[Opening Records for processing section]
(* Consider the system $x_{k+1}=Ax_k+Bu_k$ with state constraint set $\mathcal{X}=\{x\mid C_x x\le c_x\}$ and input constraint set $\mathcal{U}=\{u\mid C_u u\le c_u\}$, controlled by a ReLU network $u_k=\mathcal{N}(x_k;\theta)$, so that $x_{k+1}=f_{\text{cl}}(x_k)$ with $f_{\text{cl}}(x)=Ax+B\mathcal{N}(x;\theta)$. Let $\mathcal{X}_{\text{in}}=\{x\in\mathbb{R}^{n_x}\mid C_{\text{in}}x\le c_{\text{in}}\}$ be a polytope with $\mathcal{X}_{\text{in}}\subseteq\mathcal{X}$. Define $c_u^*\in\mathbb{R}^{n_{cu}}$ by $c_u^{*(i)}=\max_{x\in\mathcal{X}_{\text{in}}}C_u^{(i)}\mathcal{N}(x;\theta)$ and $\mathcal{U}^*=\{u\mid C_u u\le c_u^*\}$. For a matrix $C_{\text{out}}\in\mathbb{R}^{n_{\text{out}}\times n_x}$, define $c_{\text{out}}^*\in\mathbb{R}^{n_{\text{out}}}$ by $c_{\text{out}}^{*(i)}=\max_{x\in\mathcal{X}_{\text{in}}}C_{\text{out}}^{(i)}f_{\text{cl}}(x)$ and $\mathcal{X}^*_{1,\text{out}}=\{x\mid C_{\text{out}}x\le c_{\text{out}}^*\}$. If $\mathcal{U}^*\subseteq\mathcal{U}$ and $\mathcal{X}^*_{1,\text{out}}\subseteq\mathcal{X}_{\text{in}}$, then $\mathcal{X}_{\text{in}}$ is an admissible control-invariant set for the closed loop, and for every $x_0\in\mathcal{X}_{\text{in}}$ the closed-loop trajectory satisfies $x_k\in\mathcal{X}$ and $\mathcal{N}(x_k;\theta)\in\mathcal{U}$ for all $k\ge 0$.
   Context: $A\in\mathbb{R}^{n_x\times n_x}$, $B\in\mathbb{R}^{n_x\times n_u}$, $(A,B)$ stabilizable; $C_x\in\mathbb{R}^{n_{cx}\times n_x}$, $C_u\in\mathbb{R}^{n_{cu}\times n_u}$; $M^{(i)}$ denotes the $i$-th row of a matrix $M$ and $v^{(i)}$ the $i$-th entry of a vector. A ReLU network is $\mathcal{N}(x;\theta)=W_{L+1}\xi_L+b_{L+1}$ with $\xi_0=x$, $\xi_l=\max(0,W_l\xi_{l-1}+b_l)$ elementwise for $l=1,\dots,L$ (weights and biases of compatible dimensions, output in $\mathbb{R}^{n_u}$). A polytope $\mathcal{C}$ is an admissible control-invariant set for the closed loop if $\mathcal{N}(x;\theta)\in\mathcal{U}$ for all $x\in\mathcal{C}$ and $f_{\text{cl}}(\mathcal{C})\subseteq\mathcal{C}$. *)

From HB Require Import structures.
From mathcomp Require Import all_boot all_order all_algebra.
From mathcomp Require Import reals.
Set Implicit Arguments. Unset Strict Implicit. Unset Printing Implicit Defensive.
Import Order.TTheory GRing.Theory Num.Theory.
Local Open Scope ring_scope.

Section Defs.
Variable R : realType.

Definition vle (n : nat) (u v : 'cV[R]_n) : Prop := forall i, u i 0 <= v i 0.

Definition polyhedron (m n : nat) (C : 'M[R]_(m, n)) (c : 'cV[R]_m) (x : 'cV[R]_n)
  : Prop := vle (C *m x) c.

Definition relu (n : nat) (v : 'cV[R]_n) : 'cV[R]_n := \col_i Num.max 0 (v i 0).

Inductive relu_net : nat -> nat -> Type :=
| OutLayer : forall n m, 'M[R]_(m, n) -> 'cV[R]_m -> relu_net n m
| HiddenLayer : forall n h m, 'M[R]_(h, n) -> 'cV[R]_h -> relu_net h m -> relu_net n m.

Fixpoint net_eval (n m : nat) (N : relu_net n m) : 'cV[R]_n -> 'cV[R]_m :=
  match N in relu_net n m return 'cV[R]_n -> 'cV[R]_m with
  | OutLayer _ _ W b => fun x => W *m x + b
  | HiddenLayer _ _ _ W b N' => fun x => net_eval N' (relu (W *m x + b))
  end.

Definition fcl (nx nu : nat) (A : 'M[R]_nx) (B : 'M[R]_(nx, nu))
  (N : relu_net nx nu) (x : 'cV[R]_nx) : 'cV[R]_nx := A *m x + B *m net_eval N x.

Definition traj (nx nu : nat) (A : 'M[R]_nx) (B : 'M[R]_(nx, nu))
  (N : relu_net nx nu) (x0 : 'cV[R]_nx) (k : nat) : 'cV[R]_nx :=
  iter k (fcl A B N) x0.

Definition stabilizable (nx nu : nat) (A : 'M[R]_nx) (B : 'M[R]_(nx, nu)) : Prop :=
  exists K : 'M[R]_(nu, nx), forall eps : R, 0 < eps ->
    exists N0 : nat, forall k, (N0 <= k)%N -> forall i j,
      `|((A + B *m K) ^+ k) i j| < eps.

Definition bounded_set (n : nat) (S : 'cV[R]_n -> Prop) : Prop :=
  exists M : R, forall x, S x -> forall i, `|x i 0| <= M.

Definition is_max_over (n : nat) (S : 'cV[R]_n -> Prop) (f : 'cV[R]_n -> R) (c : R)
  : Prop := (exists2 x, S x & f x = c) /\ (forall x, S x -> f x <= c).

Definition admissible_ci (nx nu : nat) (A : 'M[R]_nx) (B : 'M[R]_(nx, nu))
  (N : relu_net nx nu) (U : 'cV[R]_nu -> Prop) (C : 'cV[R]_nx -> Prop) : Prop :=
  (forall x, C x -> U (net_eval N x)) /\ (forall x, C x -> C (fcl A B N x)).

End Defs.

From HB Require Import structures.
From mathcomp Require Import all_boot all_order all_algebra.
From mathcomp Require Import reals.
Set Implicit Arguments. Unset Strict Implicit. Unset Printing Implicit Defensive.
Import Order.TTheory GRing.Theory Num.Theory.
Local Open Scope ring_scope.

(* The maxima c_u^* and c_out^* bound C_u N and C_out f_cl on X_in, so N maps
   X_in into U^* and f_cl maps X_in into X^*_{1,out}; the two inclusions make
   X_in admissible and invariant.  Stabilizability of (A,B) and boundedness of
   X_in are unused: they only serve to guarantee that the maxima exist. *)

Lemma iter_invariant (T : Type) (S : T -> Prop) (f : T -> T) :
  (forall x, S x -> S (f x)) -> forall x, S x -> forall k, S (iter k f x).
Proof. by move=> fS x Sx; elim=> [|k IHk] //=; apply: fS. Qed.

Section ClosedLoop.
Variable R : realType.

Lemma max_over_polyhedron (n m p : nat) (S : 'cV[R]_n -> Prop)
    (C : 'M[R]_(m, p)) (c : 'cV[R]_m) (g : 'cV[R]_n -> 'cV[R]_p) :
  (forall i, is_max_over S (fun x => (C *m g x) i 0) (c i 0)) ->
  forall x, S x -> polyhedron C c (g x).
Proof. by move=> cmax x Sx i; have [_ ->] := cmax i. Qed.

Variables (nx nu : nat) (A : 'M[R]_nx) (B : 'M[R]_(nx, nu)) (N : relu_net R nx nu).

Lemma admissible_ci_traj (U : 'cV[R]_nu -> Prop) (C X : 'cV[R]_nx -> Prop) :
  admissible_ci A B N U C -> (forall x, C x -> X x) ->
  forall x0, C x0 -> forall k,
    X (traj A B N x0 k) /\ U (net_eval N (traj A B N x0 k)).
Proof.
move=> [CU Cinv] CX x0 Cx0 k.
have Cxk := iter_invariant Cinv Cx0 k.
by split; [apply: CX | apply: CU].
Qed.

End ClosedLoop.

Theorem lemma1 (R : realType) (nx nu ncx ncu nin nout : nat)
  (A : 'M[R]_nx) (B : 'M[R]_(nx, nu)) (hAB : stabilizable A B)
  (Cx : 'M[R]_(ncx, nx)) (cx : 'cV[R]_ncx)
  (Cu : 'M[R]_(ncu, nu)) (cu : 'cV[R]_ncu)
  (N : relu_net R nx nu)
  (Cin : 'M[R]_(nin, nx)) (cin : 'cV[R]_nin)
  (hbnd : bounded_set (polyhedron Cin cin))
  (hsub : forall x, polyhedron Cin cin x -> polyhedron Cx cx x)
  (cu_star : 'cV[R]_ncu)
  (hcu : forall i, is_max_over (polyhedron Cin cin)
                     (fun x => (Cu *m net_eval N x) i 0) (cu_star i 0))
  (Cout : 'M[R]_(nout, nx)) (cout_star : 'cV[R]_nout)
  (hcout : forall i, is_max_over (polyhedron Cin cin)
                       (fun x => (Cout *m fcl A B N x) i 0) (cout_star i 0))
  (hU : forall u, polyhedron Cu cu_star u -> polyhedron Cu cu u)
  (hX : forall x, polyhedron Cout cout_star x -> polyhedron Cin cin x) :
  admissible_ci A B N (polyhedron Cu cu) (polyhedron Cin cin) /\
  (forall x0, polyhedron Cin cin x0 -> forall k : nat,
     polyhedron Cx cx (traj A B N x0 k) /\
     polyhedron Cu cu (net_eval N (traj A B N x0 k))).
Proof.
have ci : admissible_ci A B N (polyhedron Cu cu) (polyhedron Cin cin).
  split=> x Xin_x.
  - by apply: hU; apply: (max_over_polyhedron hcu).
  - by apply: hX; apply: (max_over_polyhedron hcout).
by split=> //; apply: admissible_ci_traj.
Qed.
[Closing Records for processing section]
*Exercise requirements:*
Using the entries above, repeat only the lines from the one containing "X_in admissible and" through the one containing "move=> [CU Cinv] CX x0 Cx0 k.", end lines included.

*Completed task:*
   X_in admissible and invariant.  Stabilizability of (A,B) and boundedness of
   X_in are unused: they only serve to guarantee that the maxima exist. *)

Lemma iter_invariant (T : Type) (S : T -> Prop) (f : T -> T) :
  (forall x, S x -> S (f x)) -> forall x, S x -> forall k, S (iter k f x).
Proof. by move=> fS x Sx; elim=> [|k IHk] //=; apply: fS. Qed.

Section ClosedLoop.
Variable R : realType.

Lemma max_over_polyhedron (n m p : nat) (S : 'cV[R]_n -> Prop)
    (C : 'M[R]_(m, p)) (c : 'cV[R]_m) (g : 'cV[R]_n -> 'cV[R]_p) :
  (forall i, is_max_over S (fun x => (C *m g x) i 0) (c i 0)) ->
  forall x, S x -> polyhedron C c (g x).
Proof. by move=> cmax x Sx i; have [_ ->] := cmax i. Qed.

Variables (nx nu : nat) (A : 'M[R]_nx) (B : 'M[R]_(nx, nu)) (N : relu_net R nx nu).

Lemma admissible_ci_traj (U : 'cV[R]_nu -> Prop) (C X : 'cV[R]_nx -> Prop) :
  admissible_ci A B N U C -> (forall x, C x -> X x) ->
  forall x0, C x0 -> forall k,
    X (traj A B N x0 k) /\ U (net_eval N (traj A B N x0 k)).
Proof.
move=> [CU Cinv] CX x0 Cx0 k.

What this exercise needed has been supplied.